Stored data:
—————

(* Let $\mathbb{R}[\mathsf{x}]$ be the polynomial ring in the variables $\mathsf{x}_{ij}$, $1\le i<j\le 6$ (with $\mathsf{x}_{ji}:=\mathsf{x}_{ij}$), and let \[\mathcal{I}=\langle\mathsf{x}_{ij}^2-\mathsf{x}_{ij}:1\le i<j\le6\rangle+\langle\mathsf{x}_{ij}\mathsf{x}_{ik}\mathsf{x}_{jk}:i<j<k\in[6]\rangle+\langle(1-\mathsf{x}_{ij})(1-\mathsf{x}_{ik})(1-\mathsf{x}_{jk}):i<j<k\in[6]\rangle.\] Then \[\Bigl(2-\sum_{2\le i\le6}\mathsf{x}_{1i}\Bigr)^2+\Bigl(2-\sum_{2\le i\le6}(1-\mathsf{x}_{1i})\Bigr)^2\equiv-1\pmod{\mathcal{I}}.\] *)

From HB Require Import structures.
From mathcomp Require Import all_boot all_algebra.
From mathcomp Require Import reals.
From mathcomp Require Import mpoly.
Set Implicit Arguments. Unset Strict Implicit. Unset Printing Implicit Defensive.
Import GRing.Theory.
Local Open Scope ring_scope.

Definition pairs6 : seq ('I_6 * 'I_6) :=
  [seq ab <- [seq ((a : 'I_6), (b : 'I_6)) | a <- enum 'I_6, b <- enum 'I_6] | (val ab.1 < val ab.2)%N].

Definition pidx (i j : 'I_6) : 'I_15 :=
  inord (index (if (i <= j)%N then (i, j) else (j, i)) pairs6).

Definition xv (R : realType) (i j : 'I_6) : {mpoly R[15]} := 'X_(pidx i j).

Definition triples6 : seq (('I_6 * 'I_6) * 'I_6) :=
  [seq t <- [seq (ij, (k : 'I_6)) | ij <- pairs6, k <- enum 'I_6] | (val t.1.2 < val t.2)%N].

Definition in_ideal (R : comRingType) (n : nat) (gens : seq {mpoly R[n]})
    (p : {mpoly R[n]}) : Prop :=
  exists cs : seq {mpoly R[n]},
    p = \sum_(k < size gens) cs`_k * gens`_k.

Definition gensI (R : realType) : seq {mpoly R[15]} :=
  [seq xv R ij.1 ij.2 ^+ 2 - xv R ij.1 ij.2 | ij <- pairs6]
  ++ [seq xv R t.1.1 t.1.2 * xv R t.1.1 t.2 * xv R t.1.2 t.2 | t <- triples6]
  ++ [seq (1 - xv R t.1.1 t.1.2) * (1 - xv R t.1.1 t.2) * (1 - xv R t.1.2 t.2)
       | t <- triples6].

(* The polynomial (2 - sum_{2<=i<=6} x_{1i})^2 + (2 - sum_{2<=i<=6} (1 - x_{1i}))^2
   (vertex 1 is the ordinal 0). *)
Definition fB1 (R : realType) : {mpoly R[15]} :=
  (2 - \sum_(i : 'I_6 | i != ord0) xv R ord0 i) ^+ 2
  + (2 - \sum_(i : 'I_6 | i != ord0) (1 - xv R ord0 i)) ^+ 2.

From HB Require Import structures.
From mathcomp Require Import all_boot all_algebra.
From mathcomp Require Import reals.
From mathcomp Require Import mpoly.
From mathcomp Require Import ring zify.
Set Implicit Arguments. Unset Strict Implicit. Unset Printing Implicit Defensive.
Import GRing.Theory.
Local Open Scope ring_scope.

(* The ideal I is the whole ring, which is the algebraic form of the Ramsey
   bound R(3,3) <= 6. Expanding 1 = prod_i (x_1i + (1 - x_1i)) over the five
   edges at vertex 1, every term contains three edges 1b, 1c, 1d of the same
   colour, and such a monochromatic star lies in I: either one of bc, bd, cd
   has that colour too and closes a monochromatic triangle with the star, or
   bcd is a triangle of the other colour. Hence f + 1 = (f + 1) * 1 is in I. *)

Section IdealPredicate.
Variables (S : comPzRingType) (P : S -> Prop).
Hypotheses (P0 : P 0) (PD : forall p q, P p -> P q -> P (p + q))
  (PMl : forall p q, P p -> P (q * p)).

Lemma ideal_sum (I : Type) (r : seq I) (Q : pred I) (F : I -> S) :
  (forall i, Q i -> P (F i)) -> P (\sum_(i <- r | Q i) F i).
Proof. by move=> PF; apply: big_ind. Qed.

Lemma ideal_prod_uniq_subset (I : finType) (A : {pred I}) (s : seq I) (F : I -> S) :
  uniq s -> {subset s <= A} -> P (\prod_(i <- s) F i) -> P (\prod_(i in A) F i).
Proof.
move=> s_uniq sA Ps; rewrite (bigID (mem s)) /= mulrC; apply: PMl.
rewrite (eq_bigl (mem s)) -?big_uniq // => i; exact/andb_idl/sA.
Qed.

Lemma ideal_prod_card_gt (I : finType) (k : nat) (A : {pred I}) (F : I -> S) :
  (forall s, uniq s -> size s = k.+1 -> P (\prod_(i <- s) F i)) ->
  (k < #|A|)%N -> P (\prod_(i in A) F i).
Proof.
move=> PF /card_geqP[s [s_uniq s_size sA]].
exact: ideal_prod_uniq_subset (PF s s_uniq s_size).
Qed.

Section Majority.
Variables (I : finType) (x : I -> S) (k : nat).
Hypothesis card_I : (k.*2 < #|I|)%N.
Hypothesis ideal_x : forall s, uniq s -> size s = k.+1 -> P (\prod_(i <- s) x i).
Hypothesis ideal_1x :
  forall s, uniq s -> size s = k.+1 -> P (\prod_(i <- s) (1 - x i)).

Lemma majority_unit : P 1.
Proof.
have -> : 1 = \prod_(i : I) (x i + (1 - x i)) by rewrite big1 // => i _; rewrite subrKC.
rewrite bigA_distr; apply: ideal_sum => J _.
rewrite (bigID (mem J)) /=.
under eq_bigr => i iJ do rewrite iJ.
under [X in _ * X]eq_bigr => i /negbTE iJ do rewrite iJ.
have [large|small] := ltnP k #|J|.
  by rewrite mulrC; apply: PMl; apply: (ideal_prod_card_gt (k := k)).
have -> : \prod_(i | i \notin J) (1 - x i) = \prod_(i in ~: J) (1 - x i).
  by apply: eq_bigl => i; rewrite inE.
by apply: PMl; apply: (ideal_prod_card_gt (k := k)) => //; have := cardsC J; lia.
Qed.

End Majority.

Section Ramsey.
Variables (V : finType) (z : V -> V -> S).

Hypotheses (red : forall i j k, uniq [:: i; j; k] -> P (z i j * z i k * z j k))
  (blue : forall i j k, uniq [:: i; j; k] ->
     P ((1 - z i j) * (1 - z i k) * (1 - z j k))).

Lemma monochromatic_star a b c d :
  uniq [:: a; b; c; d] -> P (z a b * z a c * z a d).
Proof.
rewrite /= !inE !negb_or => /and4P[/and3P[ab ac ad] /andP[bc bd] cd _].
have uniq3 i j k : i != j -> i != k -> j != k -> uniq [:: i; j; k].
  by move=> ij ik jk; rewrite /= !inE !negb_or ij ik jk.
(* Split on bc, bd, cd in turn: the first of them with colour z closes a
   z-triangle with the star; if there is none, bcd is a (1 - z)-triangle. *)
have -> : z a b * z a c * z a d =
    z a d * (z a b * z a c * z b c)
  + z a c * (1 - z b c) * (z a b * z a d * z b d)
  + z a b * (1 - z b c) * (1 - z b d) * (z a c * z a d * z c d)
  + z a b * z a c * z a d * ((1 - z b c) * (1 - z b d) * (1 - z c d)) by ring.
by repeat apply: PD; apply: PMl; first [apply: red | apply: blue]; apply: uniq3.
Qed.
End Ramsey.

Lemma ramsey_unit (V : finType) (z : V -> V -> S) : (5 < #|V|)%N ->
  (forall i j k, uniq [:: i; j; k] -> P (z i j * z i k * z j k)) ->
  (forall i j k, uniq [:: i; j; k] ->
     P ((1 - z i j) * (1 - z i k) * (1 - z j k))) ->
  P 1.
Proof.
move=> card_V red blue.
have /card_gt0P[a _] : (0 < #|V|)%N by apply: leq_ltn_trans card_V.
have star (y : V -> V -> S) (s : seq {b : V | b != a}) :
    (forall b c d, uniq [:: a; b; c; d] -> P (y a b * y a c * y a d)) ->
    uniq s -> size s = 3 -> P (\prod_(b <- s) y a (val b)).
  case: s => [|b [|c [|d []]]] // star_y uniq_bcd _.
  rewrite !big_cons big_nil mulr1 mulrA; apply: star_y.
  rewrite -[[:: _; _; _]]/(map val [:: b; c; d]) cons_uniq (map_inj_uniq val_inj).
  by rewrite uniq_bcd andbT /= !inE !negb_or !(eq_sym a) (valP b) (valP c) (valP d).
apply: (@majority_unit _ (fun b : {b : V | b != a} => z a (val b)) 2).
- by rewrite card_sig cardC1; lia.
- by move=> s; apply: star => b c d; apply: monochromatic_star.
- move=> s; apply: (star (fun i j => 1 - z i j)) => b c d.
  apply: (monochromatic_star (z := fun i j => 1 - z i j)) => i j k ijk.
    exact: blue.
  by rewrite !subKr; apply: red.
Qed.
End IdealPredicate.

Lemma triangle_from_sorted (S : comPzRingType) (Q : S -> Prop) n (w : 'I_n -> 'I_n -> S) :
  (forall i j, w i j = w j i) ->
  (forall i j k : 'I_n, (i < j < k)%N -> Q (w i j * w i k * w j k)) ->
  forall i j k, uniq [:: i; j; k] -> Q (w i j * w i k * w j k).
Proof.
move=> w_sym Q_sorted i j k.
rewrite /= !inE !negb_or => /and3P[/andP[ij ik] jk _].
wlog lt_ij : i j k ij ik jk / (i < j)%N => [sorted_ij|].
  have [lt_ij|lt_ji|/val_inj eq_ij] := ltngtP i j; last by rewrite eq_ij eqxx in ij.
    exact: sorted_ij.
  have -> : w i j * w i k * w j k = w j i * w j k * w i k.
    by rewrite (w_sym i j); ring.
  by apply: sorted_ij; rewrite // eq_sym.
have [lt_ki|lt_ik|/val_inj eq_ki] := ltngtP k i; last by rewrite eq_ki eqxx in ik.
  have -> : w i j * w i k * w j k = w k i * w k j * w i j.
    by rewrite (w_sym i k) (w_sym j k); ring.
  by apply: Q_sorted; rewrite lt_ki.
have [lt_kj|lt_jk|/val_inj eq_kj] := ltngtP k j; last by rewrite eq_kj eqxx in jk.
  have -> : w i j * w i k * w j k = w i k * w i j * w k j.
    by rewrite (w_sym j k); ring.
  by apply: Q_sorted; rewrite lt_ik.
by apply: Q_sorted; rewrite lt_ij.
Qed.

Section IdealMembership.
Variables (R : comNzRingType) (n : nat) (gens : seq {mpoly R[n]}).

Lemma in_ideal0 : in_ideal gens 0.
Proof. by exists [::]; rewrite big1 // => k _; rewrite nth_nil mul0r. Qed.

Lemma in_idealD p q : in_ideal gens p -> in_ideal gens q -> in_ideal gens (p + q).
Proof.
move=> [cp ->] [cq ->]; exists (mkseq (fun k => cp`_k + cq`_k) (size gens)).
by rewrite -big_split; apply: eq_bigr => k _; rewrite nth_mkseq // mulrDl.
Qed.

Lemma in_idealMl p q : in_ideal gens p -> in_ideal gens (q * p).
Proof.
move=> [c ->]; exists (mkseq (fun k => q * c`_k) (size gens)).
by rewrite mulr_sumr; apply: eq_bigr => k _; rewrite nth_mkseq // mulrA.
Qed.

Lemma mem_in_ideal g : g \in gens -> in_ideal gens g.
Proof.
move=> g_in; exists (mkseq (fun k => (k == index g gens)%:R) (size gens)).
have g_idx : (index g gens < size gens)%N by rewrite index_mem.
rewrite (bigD1 (Ordinal g_idx)) //= big1 ?addr0.
  by rewrite nth_mkseq // eqxx mul1r nth_index.
move=> k k_neq; rewrite nth_mkseq //.
suff /negbTE -> : (k : nat) != index g gens by rewrite mul0r.
by apply: contra k_neq => /eqP k_eq; apply/eqP/val_inj.
Qed.

End IdealMembership.

Lemma xv_sym (R : realType) i j : xv R i j = xv R j i.
Proof. by rewrite /xv /pidx; case: (ltngtP i j) => // /val_inj ->. Qed.

Lemma mem_pairs6 (a b : 'I_6) : (a < b)%N -> (a, b) \in pairs6.
Proof.
move=> lt_ab; rewrite mem_filter lt_ab.
by apply: (allpairs_f (fun a b => (a, b))); rewrite mem_enum.
Qed.

Lemma mem_triples6 (i j k : 'I_6) : (i < j < k)%N -> ((i, j), k) \in triples6.
Proof.
case/andP=> lt_ij lt_jk; rewrite mem_filter lt_jk.
apply: (allpairs_f (fun ij (k : 'I_6) => (ij, k))); last by rewrite mem_enum.
exact: mem_pairs6.
Qed.

Lemma triangle_in_gensI (R : realType) (i j k : 'I_6) : (i < j < k)%N ->
  in_ideal (gensI R) (xv R i j * xv R i k * xv R j k).
Proof.
move=> ijk; apply: mem_in_ideal; rewrite !mem_cat; apply/or3P; apply: Or32.
by apply/mapP; exists ((i, j), k); rewrite ?mem_triples6.
Qed.

Lemma cotriangle_in_gensI (R : realType) (i j k : 'I_6) : (i < j < k)%N ->
  in_ideal (gensI R) ((1 - xv R i j) * (1 - xv R i k) * (1 - xv R j k)).
Proof.
move=> ijk; apply: mem_in_ideal; rewrite !mem_cat; apply/or3P; apply: Or33.
by apply/mapP; exists ((i, j), k); rewrite ?mem_triples6.
Qed.

Theorem lemmaB1 (R : realType) : in_ideal (gensI R) (fB1 R - (-1)).
Proof.
have unit : in_ideal (gensI R) 1.
  apply: (ramsey_unit (in_ideal0 _) (@in_idealD _ _ _) (@in_idealMl _ _ _) (z := xv R)).
  - by rewrite card_ord.
  - by apply: triangle_from_sorted; [exact: xv_sym | exact: triangle_in_gensI].
  - apply: (triangle_from_sorted (w := fun i j => 1 - xv R i j)).
      by move=> i j; rewrite xv_sym.
    exact: cotriangle_in_gensI.
by rewrite -[_ - _]mulr1; apply: in_idealMl.
Qed.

—————

— Your assignment —
Look back at the entries above and repeat, unchanged, every line from the line holding "Lemma majority_unit : P 1." through the line holding "have [large|small] := ltnP k #|J|.".

— Solution to the problem —
Lemma majority_unit : P 1.
Proof.
have -> : 1 = \prod_(i : I) (x i + (1 - x i)) by rewrite big1 // => i _; rewrite subrKC.
rewrite bigA_distr; apply: ideal_sum => J _.
rewrite (bigID (mem J)) /=.
under eq_bigr => i iJ do rewrite iJ.
under [X in _ * X]eq_bigr => i /negbTE iJ do rewrite iJ.
have [large|small] := ltnP k #|J|.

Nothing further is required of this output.